§ **Work to complete**:
For the data below, restate word for word only the lines from the line containing "Lemma sum_exp_term_even_sub_odd z" through the line containing "assert (hC : 0 < C).", both ends included.

§ **Stored records**:
-- Opening Marker --
Lemma hyp0F1_sq_ge_partial b w N : 1 / 2 <= b <= 1 -> 1 <= w ->
  half_poch_ratio_const b * Rpower (2 * w) (- (b - 1 / 2)) *
    (sum_f_R0 (fun k => exp_term (2 * w) (2 * k)) N
     - / 4 * sum_f_R0 (fun k => exp_term (2 * w) (S (2 * k))) N)
  <= hyp0F1 b (w ^ 2).
Proof.
  intros hb hw. set (z := 2 * w). set (d := b - 1 / 2).
  assert (hz : 2 <= z) by (unfold z; lra). assert (hd : 0 <= d <= 1 / 2) by (unfold d; lra).
  set (E := sum_f_R0 (fun k => exp_term z (2 * k)) N).
  set (O := sum_f_R0 (fun k => exp_term z (S (2 * k))) N).
  set (I := sum_f_R0 (fun k => INR k * exp_term z (2 * k)) N).
  assert (hE : 0 <= E) by (apply cond_pos_sum; intros; apply exp_term_ge0; lra).
  assert (hO : 0 <= O) by (apply cond_pos_sum; intros; apply exp_term_ge0; lra).
  assert (hI : I <= z / 2 * O).
  { unfold I, O. rewrite <- sum_index_mul_exp_term_even, tech5.
    pose proof (pos_INR (S N)). pose proof (exp_term_ge0 z (2 * S N) ltac:(lra)). nra. }
  pose proof (half_poch_ratio_const_pos b ltac:(lra)).
  pose proof (Rpower_pos z (- d)).
  eapply Rle_trans; [|apply (sum_le_hyp0F1 b (w ^ 2) N); [lra|apply pow2_ge_0]].
  eapply Rle_trans; [|apply sum_Rle; intros k _; apply hyp0F1_coef_sq_ge; lra].
  fold z d. rewrite <- scal_sum, minus_sum, <- !scal_sum. fold E I.
  apply Rmult_le_compat_l; [nra|].
  assert (d / z * I <= d / 2 * O).
  { apply Rle_trans with (d / z * (z / 2 * O)).
    - apply Rmult_le_compat_l; [apply Rle_mult_inv_pos; lra|exact hI].
    - right. field. lra. }
  assert (0 <= d - d / z) by (apply Rmult_le_reg_r with z; [lra|]; field_simplify; nra).
  nra.
Qed.

Lemma sum_exp_term_even_sub_odd z N :
  sum_f_R0 (fun k => exp_term z (2 * k)) N - / 4 * sum_f_R0 (fun k => exp_term z (S (2 * k))) N =
  3 / 8 * sum_f_R0 (exp_term z) (S (2 * N)) + 5 / 8 * sum_f_R0 (exp_term (- z)) (S (2 * N)).
Proof.
  rewrite <- !sum_exp_term_even_odd, !plus_sum.
  rewrite (sum_eq (fun k => exp_term (- z) (2 * k)) (fun k => exp_term z (2 * k)))
    by (intros; apply exp_term_opp_even).
  rewrite (sum_eq (fun k => exp_term (- z) (S (2 * k))) (fun k => exp_term z (S (2 * k)) * -1))
    by (intros; rewrite exp_term_opp_odd; ring).
  rewrite <- scal_sum. lra.
Qed.

Lemma hyp0F1_sq_ge b w : 1 / 2 <= b <= 1 -> 1 <= w ->
  3 / 8 * half_poch_ratio_const b * Rpower (2 * w) (- (b - 1 / 2)) * exp (2 * w)
  <= hyp0F1 b (w ^ 2).
Proof.
  intros hb hw. set (z := 2 * w). set (C := half_poch_ratio_const b * Rpower z (- (b - 1 / 2))).
  assert (hC : 0 < C).
  { apply Rmult_lt_0_compat; [apply half_poch_ratio_const_pos; lra|apply Rpower_pos]. }
  apply Rnot_lt_le. intros Hlt.
  set (eps := 5 / 8 * exp (- z)).
  assert (heps : 0 < eps) by (unfold eps; pose proof (exp_pos (- z)); lra).
  destruct (is_series_sum_f_R0_near _ _ (is_series_exp z) eps heps) as [N1 HN1].
  destruct (is_series_sum_f_R0_near _ _ (is_series_exp (- z)) eps heps) as [N2 HN2].
  pose proof (HN1 (S (2 * (N1 + N2))) ltac:(lia)) as A1.
  pose proof (HN2 (S (2 * (N1 + N2))) ltac:(lia)) as A2.
  rewrite Rabs_lt_between in A1, A2. fold (exp_term z) (exp_term (- z)) in A1, A2.
  pose proof (hyp0F1_sq_ge_partial b w (N1 + N2) hb hw) as Hpartial.
  fold z C in Hpartial. rewrite sum_exp_term_even_sub_odd in Hpartial.
  assert (C * (3 / 8 * exp z) < C * (3 / 8 * sum_f_R0 (exp_term z) (S (2 * (N1 + N2)))
            + 5 / 8 * sum_f_R0 (exp_term (- z)) (S (2 * (N1 + N2)))))
    by (apply Rmult_lt_compat_l; unfold eps in *; lra).
  unfold C in *. lra.
Qed.

(** * Comparison with [exp (Gfun alpha beta y u)] *)

Definition kummer_upper_const (alpha : R) : R := 4 * Rpower 2 (- (alpha - 1 / 2)).

Definition kummer_lower_const (alpha : R) : R :=
  3 / 4 * half_poch_ratio_const alpha * Rpower 2 (- (alpha - 1 / 2)).

Lemma kummer_upper_const_pos alpha : 0 < kummer_upper_const alpha.
Proof. unfold kummer_upper_const. pose proof (Rpower_pos 2 (- (alpha - 1 / 2))). lra. Qed.

Lemma kummer_lower_const_pos alpha : 0 < alpha -> 0 < kummer_lower_const alpha.
Proof.
  intros ha. unfold kummer_lower_const. pose proof (half_poch_ratio_const_pos alpha ha).
  pose proof (Rpower_pos 2 (- (alpha - 1 / 2))).
  apply Rmult_lt_0_compat; [apply Rmult_lt_0_compat|]; lra.
Qed.

Lemma Gamma_pos a : 1 / 2 <= a -> 0 < Gamma a.
Proof.
  intros ha. destruct (ex_is_RInt_0_oo_gauss_pow (2 * a - 1)) as [J HJ]; [lra|].
  rewrite (Gamma_gauss_pow a J HJ).
  pose proof (is_RInt_0_oo_gauss_pow_pos (2 * a - 1) J ltac:(lra) HJ). lra.
Qed.

Lemma gauss_pow_mul_exp_Gfun alpha beta y u : y < 0 -> 0 < u ->
  gauss_pow (2 * (alpha - beta) - 1) u *
    (Rpower (2 * (sqrt (- y) * u)) (- (alpha - 1 / 2)) * exp (2 * (sqrt (- y) * u)))
  = Rpower 2 (- (alpha - 1 / 2)) * Rpower (- y) ((1 - 2 * alpha) / 4) * exp (Gfun alpha beta y u).
Proof.
  intros hy hu. assert (hs : 0 < sqrt (- y)) by (apply sqrt_lt_R0; lra).
  unfold gauss_pow, Gfun, Rpower. rewrite !ln_mult by (try apply Rmult_lt_0_compat; lra).
  replace (ln (sqrt (- y))) with (ln (- y) / 2)
    by (rewrite <- Rpower_sqrt by lra; unfold Rpower; rewrite ln_exp; field).
  rewrite <- !exp_plus. f_equal. field.
Qed.

Lemma kummer_integrand_le_exp_Gfun alpha beta y u : 1 / 2 <= alpha <= 1 -> y < 0 -> 0 < u ->
  kummer_integrand (alpha - beta) alpha (- y) u <=
  kummer_upper_const alpha * Rpower (- y) ((1 - 2 * alpha) / 4) * exp (Gfun alpha beta y u).
Proof.
  intros ha hy hu. assert (hs : 0 < sqrt (- y)) by (apply sqrt_lt_R0; lra).
  unfold kummer_integrand, kummer_upper_const.
  replace (- y * u ^ 2) with ((sqrt (- y) * u) ^ 2) by (rewrite Rpow_mult_distr, pow2_sqrt; lra).
  pose proof (hyp0F1_sq_le alpha (sqrt (- y) * u) ha ltac:(nra)).
  pose proof (gauss_pow_ge0 (2 * (alpha - beta) - 1) u).
  pose proof (gauss_pow_mul_exp_Gfun alpha beta y u hy hu). nra.
Qed.

Lemma exp_Gfun_le_kummer_integrand alpha beta y u :
  1 / 2 <= alpha <= 1 -> y < 0 -> 1 / sqrt (- y) <= u ->
  kummer_lower_const alpha * Rpower (- y) ((1 - 2 * alpha) / 4) * exp (Gfun alpha beta y u)
  <= kummer_integrand (alpha - beta) alpha (- y) u.
Proof.
  intros ha hy hu. assert (hs : 0 < sqrt (- y)) by (apply sqrt_lt_R0; lra).
  assert (hu0 : 0 < u) by (eapply Rlt_le_trans; [|exact hu]; apply Rdiv_lt_0_compat; lra).
  assert (hw : 1 <= sqrt (- y) * u).
  { apply Rmult_le_compat_l with (r := sqrt (- y)) in hu; [|lra].
    replace (sqrt (- y) * (1 / sqrt (- y))) with 1 in hu by (field; lra). exact hu. }
  unfold kummer_integrand, kummer_lower_const.
  replace (- y * u ^ 2) with ((sqrt (- y) * u) ^ 2) by (rewrite Rpow_mult_distr, pow2_sqrt; lra).
  pose proof (hyp0F1_sq_ge alpha (sqrt (- y) * u) ha hw).
  pose proof (gauss_pow_ge0 (2 * (alpha - beta) - 1) u).
  apply Rle_trans with (3 / 4 * half_poch_ratio_const alpha * (Rpower 2 (- (alpha - 1 / 2))
    * Rpower (- y) ((1 - 2 * alpha) / 4) * exp (Gfun alpha beta y u))); [right; ring|].
  rewrite <- (gauss_pow_mul_exp_Gfun alpha beta y u hy hu0).
  apply Rle_trans with (2 * gauss_pow (2 * (alpha - beta) - 1) u *
    (3 / 8 * half_poch_ratio_const alpha * Rpower (2 * (sqrt (- y) * u)) (- (alpha - 1 / 2)) *
     exp (2 * (sqrt (- y) * u)))); [right; field|].
  apply Rmult_le_compat_l; lra.
Qed.

Lemma exp_Gfun_le_exp_2 alpha beta y u : 1 / 2 <= alpha -> beta <= 0 -> y <= -1 ->
  0 < u -> u <= 1 / sqrt (- y) -> exp (Gfun alpha beta y u) <= exp 2.
Proof.
  intros ha hb hy hu hup.
  assert (hs : 1 <= sqrt (- y)) by (rewrite <- sqrt_1; apply sqrt_le_1; lra).
  assert (hsu : sqrt (- y) * u <= 1).
  { apply Rmult_le_compat_l with (r := sqrt (- y)) in hup; [|lra].
    replace (sqrt (- y) * (1 / sqrt (- y))) with 1 in hup by (field; lra). exact hup. }
  assert (hu1 : u <= 1) by nra.
  assert (ln u <= 0) by (rewrite <- ln_1; apply ln_le; lra).
  unfold Gfun. apply exp_le.
  assert ((alpha - 2 * beta - 1 / 2) * ln u <= 0) by nra.
  pose proof (pow2_ge_0 u). lra.
Qed.

Lemma continuous_exp_Gfun alpha beta y u : 0 < u ->
  continuous (fun u => exp (Gfun alpha beta y u)) u.
Proof. intros hu. apply continuous_of_ex_derive. unfold Gfun. auto_derive. lra. Qed.

Section KummerComparison.

Variables alpha beta y : R.
Hypothesis halpha : 1 / 2 <= alpha <= 1.
Hypothesis hbeta : beta <= 0.
Hypothesis hy : y <= -1.

Lemma kummerM_eq_exp_mul : kummerM beta alpha y = exp y * kummerM (alpha - beta) alpha (- y).
Proof.
  rewrite <- kummerM_transform by lra. f_equal. ring.
Qed.

Lemma is_RInt_0_oo_kummer_integrand_Gamma :
  is_RInt_0_oo (kummer_integrand (alpha - beta) alpha (- y))
    (Gamma (alpha - beta) * kummerM (alpha - beta) alpha (- y)).
Proof.
  destruct (ex_is_RInt_0_oo_gauss_pow (2 * (alpha - beta) - 1)) as [J HJ]; [lra|].
  rewrite (Gamma_gauss_pow _ J HJ).
  apply is_RInt_0_oo_kummer_integrand; [lra|lra|lra|exact HJ].
Qed.

Lemma ex_RInt_exp_Gfun A B : 0 < A -> A <= B ->
  ex_RInt (fun u => exp (Gfun alpha beta y u)) A B.
Proof.
  intros hA hAB. apply ex_RInt_continuous_R; [exact hAB|].
  intros u hu. apply continuous_exp_Gfun. lra.
Qed.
-- Closing Marker --
§ **Problem solution**:
Lemma sum_exp_term_even_sub_odd z N :
  sum_f_R0 (fun k => exp_term z (2 * k)) N - / 4 * sum_f_R0 (fun k => exp_term z (S (2 * k))) N =
  3 / 8 * sum_f_R0 (exp_term z) (S (2 * N)) + 5 / 8 * sum_f_R0 (exp_term (- z)) (S (2 * N)).
Proof.
  rewrite <- !sum_exp_term_even_odd, !plus_sum.
  rewrite (sum_eq (fun k => exp_term (- z) (2 * k)) (fun k => exp_term z (2 * k)))
    by (intros; apply exp_term_opp_even).
  rewrite (sum_eq (fun k => exp_term (- z) (S (2 * k))) (fun k => exp_term z (S (2 * k)) * -1))
    by (intros; rewrite exp_term_opp_odd; ring).
  rewrite <- scal_sum. lra.
Qed.

Lemma hyp0F1_sq_ge b w : 1 / 2 <= b <= 1 -> 1 <= w ->
  3 / 8 * half_poch_ratio_const b * Rpower (2 * w) (- (b - 1 / 2)) * exp (2 * w)
  <= hyp0F1 b (w ^ 2).
Proof.
  intros hb hw. set (z := 2 * w). set (C := half_poch_ratio_const b * Rpower z (- (b - 1 / 2))).
  assert (hC : 0 < C).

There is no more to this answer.